И оба вылетели через слуховое окно, будто ядро из пушки, и летели, не останавливаясь, пока не опустились на верхушку колокольни храма Святого Спасителя, самого высокого сооружения в Мадриде. Пробило час ночи – время, отведенное для покоя и сна, краткая передышка, даруемая нам полчищем житейских забот. В эту пору и зверь и человек погружаются в безмолвие, этот час равняет всех: мужчины и женщины поспешно сбрасывают башмаки и чулки, панталоны и кафтаны, юбки, фижмы, кринолины, сорочки, корсеты и забывают о благоприличиях, уподобляясь прародителям нашим, кои создали всех нас без этого тряпья. Обернувшись к спутнику, Хромой Бес сказал:
– С этой заоблачной башни, высочайшей в Мадриде, я покажу тебе, дон Клеофас, на зависть самому Мениппу из Лукиановых диалогов,[15] все, что в такие часы происходит примечательного в испанском Вавилоне, который по смешению языков может поспорить с древним.

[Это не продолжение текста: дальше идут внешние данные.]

Lemma free_combination_inj (k : fieldType) (M : lmodType k) d (s : 'I_d -> M) :
  (forall w : 'I_d -> k, \sum_j w j *: s j = 0 -> forall j, w j = 0) ->
  linear (fun w : 'rV[k]_d => \sum_j w 0 j *: s j) /\
  injective (fun w : 'rV[k]_d => \sum_j w 0 j *: s j).
Proof.
move=> s_free; split=> [a v w|v w /eqP].
  by rewrite scaler_sumr -big_split; apply: eq_bigr => j _; rewrite !mxE scalerDl scalerA.
rewrite -subr_eq0 -sumrB => /eqP vw; apply/rowP => j; apply/eqP; rewrite -subr_eq0.
apply/eqP/(s_free (fun j => v 0 j - w 0 j)); rewrite -[RHS]vw.
by apply: eq_bigr => i _; rewrite scalerBl.
Qed.

Section OrbitModules.
Variables (k : fieldType) (n : nat).
Local Notation Mat := 'M[k]_n.
Variables (K : Mat -> Prop) (M : lmodType k).
Hypothesis K_unit : forall A, K A -> A \in unitmx.

Lemma tensor_on_common m (Phi : 'I_m -> Mat -> M) : (forall b, tensor_on K (Phi b)) ->
  exists (I : finType) (g : I -> M) (c : 'I_m -> I -> Mat -> k),
    (forall b t, regular_on K (c b t)) /\
    forall b x, K x -> Phi b x = \sum_t c b t x *: g t.
Proof.
elim: m Phi => [|m IH] Phi hPhi.
  by exists 'I_0, (fun _ => 0), (fun _ _ _ => 0); split; case.
have [I1 [g1 [c1 [h1 e1]]]] := IH (fun b => Phi (lift ord0 b)) (fun b => hPhi _).
have [I2 [g2 [S2 [h2 e2]]]] := hPhi ord0.
exists (I1 + I2)%type, (fun t => match t with inl i => g1 i | inr j => S2 j end),
  (fun b t => match unlift ord0 b, t with
              | Some b', inl i => c1 b' i
              | None, inr j => g2 j
              | _, _ => fun _ => 0 end).
split=> [b [i|j]|b x Kx]; try by case: (unlift ord0 b) => [b'|] //; apply: regular_const.
rewrite big_sumType /=; case: (unliftP ord0 b) => [b' ->|->].
  by rewrite e1 // [X in _ + X]big1 ?addr0 // => j _; rewrite scale0r.
by rewrite e2 // [X in X + _]big1 ?add0r // => j _; rewrite scale0r.
Qed.
Lemma rmargin_le (k : 'I_n) (X : R) : #|Eb k| != 1%N ->
  ele (Bv w (Ab k) (Tb k) (Eb k :\ ek k)) (Fin X) ->
  ele (mu k) (Fin (Num.max 0 (X - wk k))).
Proof.
move=> Eb_ne1 BX; have := proj1 (seqB k).
rewrite /eset /= (negbTE Eb_ne1) in_set => /andP[_ /forallP ek_max].
rewrite (proj2 (seqB k)) /rmargin /= (negbTE Eb_ne1).
elim/big_ind: _ => [|x y|e eE]; [by rewrite /= le_max lexx | exact: emax_le |].
have /ele_trans/(_ BX) := implyP (ek_max e) eE.
move: eE; rewrite /Eset in_set Bv_bottleneck // => /andP[_ /= /eqP <-].
by case: (Bv _ _ _ _) => //= b bX; rewrite le_max lerD2r bX orbT.
Qed.

(* [Q] witnesses [B(Ebar_k \ e_k) <= b(Q)], and [e_k] maximises [B(Ebar_k \ e)]
   over the bottleneck edges [e], all of weight [w_k]. *)
Lemma margin_le (k : 'I_n) Q (c : R) : #|Eb k| != 1%N ->
  feasible (Ab k) (Tb k) (Eb k) Q -> Q (ek k) = false ->
  bval w Q (Eb k) <= Num.max c (wk k) -> ele (eaddr (mu k) (wk k)) (Fin c).
Proof.
move=> Eb_ne1 Qfeas Qk Qc.
have := rmargin_le Eb_ne1 (emin_le_cond (fun P => Fin (bval w P _)) (feasibleD1 Qfeas Qk)).
have := bvalD1 w Q (Eb k) (ek k).
move: (mu_gt0 k); case: (mu k) => //= m m_gt0 QD1; move: Qc.
by rewrite !le_max => /orP[] ? /orP[] ?; lra.
Qed.

Lemma Pi_feasible (k : 'I_n) : feasible (Ab k) (Tb k) (Eb k) Pi.
Proof. by have /[!in_set] /andP[] := Pi_opt k. Qed.

Lemma bval_Pi (k : 'I_n) : #|Eb k| != 1%N -> bval w Pi (Eb k) = wk k.
Proof.
by move=> Eb_ne1; have /[!in_set] /andP[_] := Pi_opt k; rewrite Bv_bottleneck //= => /eqP.
Qed.

Lemma Pi_star (k : 'I_n) : Pi (ek k).
Proof.
have [Eb_1 | Eb_ne1] := eqVneq #|Eb k| 1%N.
  have [i iE Pij] := feasible_col_ex (Pi_feasible k) (jstar_fresh k).
  by move/eqP/cards1P: Eb_1 iE (star_in_Ebar k) => [e ->] /set1P <- /set1P[->].
apply/negPn/negP => /negbTE Pk.
have := margin_le Eb_ne1 (Pi_feasible k) Pk (c := wk k - 1).
rewrite bval_Pi // le_max lexx orbT => /(_ isT).
by move: (mu_gt0 k); case: (mu k) => //= m ? ?; lra.
Qed.

Lemma Pi_row (k l : 'I_n) j : (k <= l)%N -> j \in Tb k -> Pi (istar l, j) -> j = jstar l.
Proof.
move=> kl jT Plj.
exact: feasible_row_uniq (Pi_feasible k) (fresh_le istar_fresh kl) jT
  (fresh_le jstar_fresh kl) Plj (Pi_star l).
Qed.

Lemma unassigned_Abar u (k : nat) : (forall l, istar l != u) -> u \in Ab k.
Proof. by move=> u_free; rewrite mem_Abar; apply/forallP => l; rewrite u_free implybT. Qed.

(* Swapping the tasks of [istar k] and [u] in [Pi] gives a feasible assignment of
   stage [k] avoiding [e_k] whose only new edges are [(u, jstar k)] and [(istar k, j)]. *)
Lemma margin_swap (k : 'I_n) u (c : R) : u \in Ab k -> u != istar k ->
  w u (jstar k) <= c -> (forall j, j \in Tb k -> Pi (u, j) -> w (istar k) j <= c) ->
  ele (eaddr (mu k) (wk k)) (Fin c).
Proof.
move=> uA u_ne wu_c wk_c.
have iA := istar_fresh k; have jT := jstar_fresh k.
pose Q : assignment A T := [ffun e => Pi (tperm (istar k) u e.1, e.2)].
have Eb_ne1 : #|Eb k| != 1%N.
  apply/negbT/gtn_eqF/card_gt1P; exists (ek k), (u, jstar k).
  by rewrite star_in_Ebar in_setX uA jT xpair_eqE eq_sym (negbTE u_ne).
have Qfeas : feasible (Ab k) (Tb k) (Eb k) Q.
  by apply: feasible_perm (Pi_feasible k) => i; case: tpermP => [->|->|]; rewrite ?uA ?iA.
have Qk : Q (ek k) = false.
  rewrite ffunE /= tpermL; apply/negbTE/negP => Pu.
  by move: u_ne; rewrite (feasible_col_uniq (Pi_feasible k) jT uA iA Pu (Pi_star k)) eqxx.
apply: (margin_le Eb_ne1 Qfeas Qk).
have wk_ge0 : 0 <= wk k by rewrite -(bval_Pi Eb_ne1) bval_ge0.
apply: bval_le => [|i j ijE]; first by rewrite le_max wk_ge0 orbT.
have /[!in_setX] /andP[_ jTb] := ijE.
rewrite ffunE /=; case: tpermP => [->|->|_ _] Pij.
- by rewrite le_max wk_c.
- by rewrite (feasible_row_uniq (Pi_feasible k) iA jTb jT Pij (Pi_star k)) le_max wu_c.
- by rewrite le_max -(bval_Pi Eb_ne1) (bval_ge _ ijE Pij) orbT.
Qed.

Lemma margin_cross (k l : 'I_n) : (k < l)%N ->
  ele (eaddr (mu k) (wk k)) (Fin (Num.max (w (istar k) (jstar l)) (w (istar l) (jstar k)))).
Proof.
move=> kl; apply: (margin_swap (u := istar l)).
- by apply: fresh_le (ltnW kl) => m; apply: istar_fresh.
- by rewrite eq_sym (fresh_neq istar_fresh kl).
- by rewrite le_max lexx orbT.
- by move=> j jT /(Pi_row (ltnW kl) jT) ->; rewrite le_max lexx.
Qed.

Hypothesis card_T : #|T| = n.

Lemma Pi_unassigned u j : (forall l, istar l != u) -> Pi (u, j) = false.
Proof.
move=> u_free; apply/negbTE/negP => Puj.
have /codomP[l jl] : j \in codom jstar.
  by apply: (inj_card_onto jstar_inj); rewrite card_ord card_T.
move: Puj (u_free l); rewrite jl => Pul.
by rewrite (feasible_col_uniq (Pi_feasible l) (jstar_fresh l) (unassigned_Abar _ u_free)
  (istar_fresh l) Pul (Pi_star l)) eqxx.
Qed.

Lemma margin_unassigned (k : 'I_n) u : (forall l, istar l != u) ->
  ele (eaddr (mu k) (wk k)) (Fin (w u (jstar k))).
Proof.
move=> u_free; apply: (margin_swap (unassigned_Abar _ u_free)) => //.
  by rewrite eq_sym.
by move=> j _; rewrite Pi_unassigned.
Qed.

End SequentialBottleneck.

Section Budgets.
Variables (R : realFieldType) (A T : finType) (w : A -> T -> R) (n : nat)
  (istar : 'I_n -> A) (jstar : 'I_n -> T) (mu : 'I_n -> extR R).

Definition margin_cap (k : nat) : extR R :=
  \big[@emin R/PInf]_(l : 'I_n | (l <= k)%N) eaddr (mu l) (w (istar l) (jstar l)).

Lemma mu_gt0_of_min (s : R) : 0 <= s -> elt (Fin s) (mu_min mu) ->
  forall k, elt (Fin 0) (mu k).
Proof.
move=> s_ge0 s_mu k; have := elt_ele_trans s_mu (emin_le_cond mu (isT : xpredT k)).
by case: (mu k) => //= m; apply: le_lt_trans.
Qed.

Lemma Ak_le (k : 'I_n) (l : nat) (c s : R) : (k <= l)%N ->
  ele (eaddr (mu k) (w (istar k) (jstar k))) (Fin c) ->
  Ak w istar jstar mu s l <= Ak w istar jstar mu s k <= c - (fin_val (mu_min mu) + s) / 2.
Proof.
move=> kl mu_c.
have cap_c : ele (margin_cap k) (Fin c) := ele_trans (emin_le_cond _ (leqnn k)) mu_c.
have cap_lk : ele (margin_cap l) (margin_cap k).
  by apply: le_emin_cond => m mk; apply: emin_le_cond; apply: leq_trans kl.
rewrite /Ak -/(margin_cap k) -/(margin_cap l) !lerD2r.
by move: cap_lk cap_c; case: (margin_cap k) => [x|] //; case: (margin_cap l) => [y|] //= -> ->.
Qed.

End Budgets.

Lemma min_budget (R : realFieldType) (x B C : R) : B <= C ->
  Num.min x B + (C - Num.min x C) <= C /\ Num.min x C + (B - Num.min x B) <= C.
Proof. by move=> BC; rewrite !minEle; case: (lerP x B); case: (lerP x C); split; lra. Qed.

Section Collision.
Variables (R : realFieldType) (X : Type) (d : X -> X -> R) (A T : finType)
  (p : A -> R -> X) (g : T -> X) (n : nat) (istar : 'I_n -> A) (jstar : 'I_n -> T)
  (mu : 'I_n -> extR R) (s : R) (a : R -> R) (t : R).
Hypotheses (d_sym : forall x y, d x y = d y x)
  (d_tri : forall x y z, d x z <= d x y + d y z).

Local Notation w := (fun i j => d (p i 0) (g j)).
Local Notation A_ := (Ak w istar jstar mu s).
Local Notation abound := (agent_bound w istar jstar mu s a).

Hypotheses (istar_inj : injective istar)
  (agent_dev : forall i, d (p i 0) (p i t) < abound i t)
  (task_dev : forall k, d (p (istar k) t) (g (jstar k)) < task_bound w istar jstar mu s a k t).

Lemma agent_bound_star (k : 'I_n) : abound (istar k) t = Num.min (a t) (A_ k).
Proof.
rewrite /agent_bound; case: pickP => [l /eqP /istar_inj -> //|none].
by move: (none k); rewrite eqxx.
Qed.

Lemma agent_bound_unassigned u : (forall l, istar l != u) ->
  abound u t = Num.min (a t) (A_ n.-1).
Proof.
move=> u_free; rewrite /agent_bound; case: pickP => [l /eqP lu|//].
by move: (u_free l); rewrite lu eqxx.
Qed.

(* Triangle inequality along [p q 0], [p q t], [p (istar k) t], [g (jstar k)];
   the two occurrences of [mu] in the budgets cancel. *)
Lemma no_collision_of_far_start q (k : 'I_n) (c : R) :
  abound q t + (A_ k - Num.min (a t) (A_ k)) <= c - (fin_val (mu_min mu) + s) / 2 ->
  c <= d (p q 0) (g (jstar k)) -> s < d (p (istar k) t) (p q t).
Proof.
move=> budget c_le.
have := d_tri (p q 0) (p q t) (g (jstar k)).
have := d_tri (p q t) (p (istar k) t) (g (jstar k)).
have := agent_dev q; have := task_dev k.
rewrite /task_bound (d_sym (p q t) (p (istar k) t)); lra.
Qed.

Lemma no_collision_pair (k l : 'I_n) : (k < l)%N ->
  ele (eaddr (mu k) (w (istar k) (jstar k)))
      (Fin (Num.max (w (istar k) (jstar l)) (w (istar l) (jstar k)))) ->
  s < d (p (istar k) t) (p (istar l) t).
Proof.
move=> kl margin; have /andP[Alk Akc] := Ak_le s (ltnW kl) margin.
have [budget_k budget_l] := min_budget (a t) Alk.
have [wkl | wlk] := leP (w (istar k) (jstar l)) (w (istar l) (jstar k)).
  rewrite (max_r wkl) in Akc; apply: (no_collision_of_far_start _ (lexx _)).
  by rewrite !agent_bound_star; lra.
rewrite (max_l (ltW wlk)) in Akc; rewrite d_sym; apply: (no_collision_of_far_start _ (lexx _)).
by rewrite !agent_bound_star; lra.
Qed.

Lemma no_collision_unassigned (k : 'I_n) u : (forall l, istar l != u) ->
  ele (eaddr (mu k) (w (istar k) (jstar k))) (Fin (w u (jstar k))) ->
  s < d (p (istar k) t) (p u t).
Proof.
move=> u_free margin.
have kn : (k <= n.-1)%N by rewrite -ltnS prednK // (leq_ltn_trans _ (ltn_ord k)).
have /andP[Ank Akc] := Ak_le s kn margin.
have [budget _] := min_budget (a t) Ank.
apply: (no_collision_of_far_start _ (lexx _)).
by rewrite agent_bound_unassigned //; lra.
Qed.

End Collision.

Unset Implicit Arguments.

Theorem theorem1 (R : realFieldType) (Ag Tk : finType) (np : nat)
  (d : 'rV[R]_np -> 'rV[R]_np -> R)
  (hd0 : forall x y, 0 <= d x y)
  (hdsym : forall x y, d x y = d y x)
  (hdtri : forall x y z, d x z <= d x y + d y z)
  (Tend : R) (p : Ag -> R -> 'rV[R]_np) (g : Tk -> 'rV[R]_np)
  (sf : Ag -> Ag -> R)
  (hsf_sym : forall i i', i != i' -> sf i i' = sf i' i)
  (hsf0 : forall i i', i != i' -> 0 <= sf i i')
  (n : nat) (hm : (1 < #|Ag|)%N) (hn : #|Tk| = n) (hn1 : (1 <= n)%N)
  (hmn : (n <= #|Ag|)%N)
  (istar : 'I_n -> Ag) (jstar : 'I_n -> Tk) (mu : 'I_n -> extR R)
  (Pi : assignment Ag Tk) :
  let w := fun (i : Ag) (j : Tk) => d (p i 0) (g j) in
  seq_bottleneck w istar jstar mu ->
  seq_bottleneck_optimising w istar jstar Pi ->
  forall s : R,
  (forall i i', i != i' -> sf i i' <= s) ->
  elt (Fin s) (mu_min mu) ->
  forall a : R -> R,
  (forall t, 0 <= t <= Tend -> (fin_val (mu_min mu) - s) / 2 <= a t) ->
  (forall t, 0 <= t <= Tend -> forall i : Ag,
      d (p i 0) (p i t) < agent_bound w istar jstar mu s a i t) ->
  (forall t, 0 <= t <= Tend -> forall k : 'I_n,
      d (p (istar k) t) (g (jstar k)) < task_bound w istar jstar mu s a k t) ->
  forall k : 'I_n, forall i' : Ag, i' != istar k ->
  forall t, 0 <= t <= Tend ->
    sf (istar k) i' < d (p (istar k) t) (p i' t).
Proof.
(* The lower bound on [a] only makes the task bounds nonnegative. *)
move=> w seqB Pi_opt s sf_le s_mu a _ agent_dev task_dev k i' i'_ne t t_in.
have ki' : istar k != i' by rewrite eq_sym.
have mu_gt0 := mu_gt0_of_min (le_trans (hsf0 _ _ ki') (sf_le _ _ ki')) s_mu.
have istar_inj := istar_inj seqB.
apply: le_lt_trans (sf_le _ _ ki') _.
have [l /eqP li' | i'_free] := pickP (fun l => istar l == i').
  rewrite -li' in ki' *.
  have pair (k1 k2 : 'I_n) : (k1 < k2)%N -> s < d (p (istar k1) t) (p (istar k2) t).
    move=> k12; apply: (no_collision_pair hdsym hdtri istar_inj (agent_dev t t_in)
      (task_dev t t_in) k12).
    exact: (margin_cross seqB Pi_opt mu_gt0 k12).
  have [kl | lk | /val_inj kl] := ltngtP k l; [exact: pair | rewrite hdsym; exact: pair |].
  by move: ki'; rewrite kl eqxx.
have {}i'_free l : istar l != i' by rewrite i'_free.
apply: (no_collision_unassigned hdsym hdtri (agent_dev t t_in) (task_dev t t_in) i'_free).
exact: (margin_unassigned seqB Pi_opt mu_gt0 hn k i'_free).
Qed.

И с помощью дьявольских чар Хромой Бес приподнял крыши зданий, точно корку пирога, и обнажил мясную начинку Мадрида в ту пору, когда из-за жары все ставни в домах раскрыты и в недрах этого вселенского ковчега кишит столько наделенной разумом нечисти, что Ноев ковчег против него показался бы жалким и убогим.
Дон Клеофас так и замер, увидев этот паштет из человеческих рук, ног и голов, и в изумлении воскликнул:
– Неужто для такого множества мужчин, женщин и детей хватает полотна на тюфяки, простыни и рубашки! Погоди, дай наглядеться, – право, среди чудес промысла божьего это не последнее!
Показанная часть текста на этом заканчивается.